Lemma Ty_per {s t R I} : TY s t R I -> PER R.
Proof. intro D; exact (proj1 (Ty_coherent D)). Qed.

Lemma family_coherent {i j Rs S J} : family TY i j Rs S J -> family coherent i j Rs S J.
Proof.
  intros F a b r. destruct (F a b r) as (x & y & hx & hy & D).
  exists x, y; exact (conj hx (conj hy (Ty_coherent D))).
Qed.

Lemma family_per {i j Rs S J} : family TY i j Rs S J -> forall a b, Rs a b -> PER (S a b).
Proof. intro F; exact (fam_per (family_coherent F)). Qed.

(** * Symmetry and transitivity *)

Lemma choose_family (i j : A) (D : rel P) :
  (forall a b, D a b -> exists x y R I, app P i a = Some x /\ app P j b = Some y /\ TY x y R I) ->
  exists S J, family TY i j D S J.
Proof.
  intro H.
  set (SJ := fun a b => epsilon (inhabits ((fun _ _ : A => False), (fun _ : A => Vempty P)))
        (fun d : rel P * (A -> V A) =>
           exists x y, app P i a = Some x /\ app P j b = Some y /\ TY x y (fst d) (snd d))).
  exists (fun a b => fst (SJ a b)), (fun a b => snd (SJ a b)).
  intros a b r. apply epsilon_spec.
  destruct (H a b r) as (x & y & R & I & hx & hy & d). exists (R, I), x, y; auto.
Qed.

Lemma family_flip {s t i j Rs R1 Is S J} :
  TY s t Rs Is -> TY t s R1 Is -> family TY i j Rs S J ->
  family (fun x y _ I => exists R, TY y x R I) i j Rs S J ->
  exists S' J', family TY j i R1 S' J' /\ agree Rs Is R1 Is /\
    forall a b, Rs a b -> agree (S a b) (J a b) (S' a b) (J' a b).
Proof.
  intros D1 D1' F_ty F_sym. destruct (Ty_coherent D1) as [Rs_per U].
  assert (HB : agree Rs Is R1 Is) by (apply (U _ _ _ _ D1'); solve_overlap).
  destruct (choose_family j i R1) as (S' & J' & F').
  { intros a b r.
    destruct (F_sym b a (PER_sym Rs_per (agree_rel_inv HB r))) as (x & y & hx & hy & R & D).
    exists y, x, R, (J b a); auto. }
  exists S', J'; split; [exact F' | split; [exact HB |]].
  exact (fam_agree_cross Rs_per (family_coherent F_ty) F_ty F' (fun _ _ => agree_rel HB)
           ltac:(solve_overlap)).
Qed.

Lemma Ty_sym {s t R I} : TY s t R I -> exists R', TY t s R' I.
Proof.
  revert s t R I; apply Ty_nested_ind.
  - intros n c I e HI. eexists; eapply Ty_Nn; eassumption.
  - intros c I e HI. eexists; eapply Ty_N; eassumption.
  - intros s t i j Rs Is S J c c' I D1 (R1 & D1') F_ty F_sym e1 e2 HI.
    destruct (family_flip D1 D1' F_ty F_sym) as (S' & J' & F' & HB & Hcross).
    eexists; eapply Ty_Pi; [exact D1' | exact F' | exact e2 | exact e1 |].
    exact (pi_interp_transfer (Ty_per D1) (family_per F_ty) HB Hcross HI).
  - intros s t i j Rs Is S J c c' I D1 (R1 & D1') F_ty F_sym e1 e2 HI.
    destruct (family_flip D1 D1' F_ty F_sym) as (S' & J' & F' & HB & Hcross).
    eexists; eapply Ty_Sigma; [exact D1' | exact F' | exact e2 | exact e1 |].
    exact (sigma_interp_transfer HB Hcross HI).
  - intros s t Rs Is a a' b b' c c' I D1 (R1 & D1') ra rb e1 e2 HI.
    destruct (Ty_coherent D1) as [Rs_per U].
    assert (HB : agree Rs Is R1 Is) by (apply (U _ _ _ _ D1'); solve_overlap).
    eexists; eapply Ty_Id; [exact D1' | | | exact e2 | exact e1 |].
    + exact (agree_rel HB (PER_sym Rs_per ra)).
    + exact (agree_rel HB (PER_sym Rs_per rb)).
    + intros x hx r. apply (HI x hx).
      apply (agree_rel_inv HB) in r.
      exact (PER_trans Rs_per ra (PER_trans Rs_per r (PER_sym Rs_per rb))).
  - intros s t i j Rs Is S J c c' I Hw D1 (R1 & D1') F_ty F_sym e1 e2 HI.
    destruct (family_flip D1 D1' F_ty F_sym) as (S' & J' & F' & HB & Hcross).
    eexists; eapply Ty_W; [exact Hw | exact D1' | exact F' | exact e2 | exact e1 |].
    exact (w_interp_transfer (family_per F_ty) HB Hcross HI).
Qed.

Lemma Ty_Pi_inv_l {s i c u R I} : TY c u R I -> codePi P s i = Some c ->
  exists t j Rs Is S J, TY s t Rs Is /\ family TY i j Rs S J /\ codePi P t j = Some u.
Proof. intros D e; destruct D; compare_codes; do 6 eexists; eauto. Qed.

▸ TASK DETAILS
Quote exactly the first line of the entries and every line after it, stopping with the line that contains "Lemma choose_family (i".

▸ SOLUTION TO THIS PROBLEM
Lemma Ty_per {s t R I} : TY s t R I -> PER R.
Proof. intro D; exact (proj1 (Ty_coherent D)). Qed.

Lemma family_coherent {i j Rs S J} : family TY i j Rs S J -> family coherent i j Rs S J.
Proof.
  intros F a b r. destruct (F a b r) as (x & y & hx & hy & D).
  exists x, y; exact (conj hx (conj hy (Ty_coherent D))).
Qed.

Lemma family_per {i j Rs S J} : family TY i j Rs S J -> forall a b, Rs a b -> PER (S a b).
Proof. intro F; exact (fam_per (family_coherent F)). Qed.

(** * Symmetry and transitivity *)

Lemma choose_family (i j : A) (D : rel P) :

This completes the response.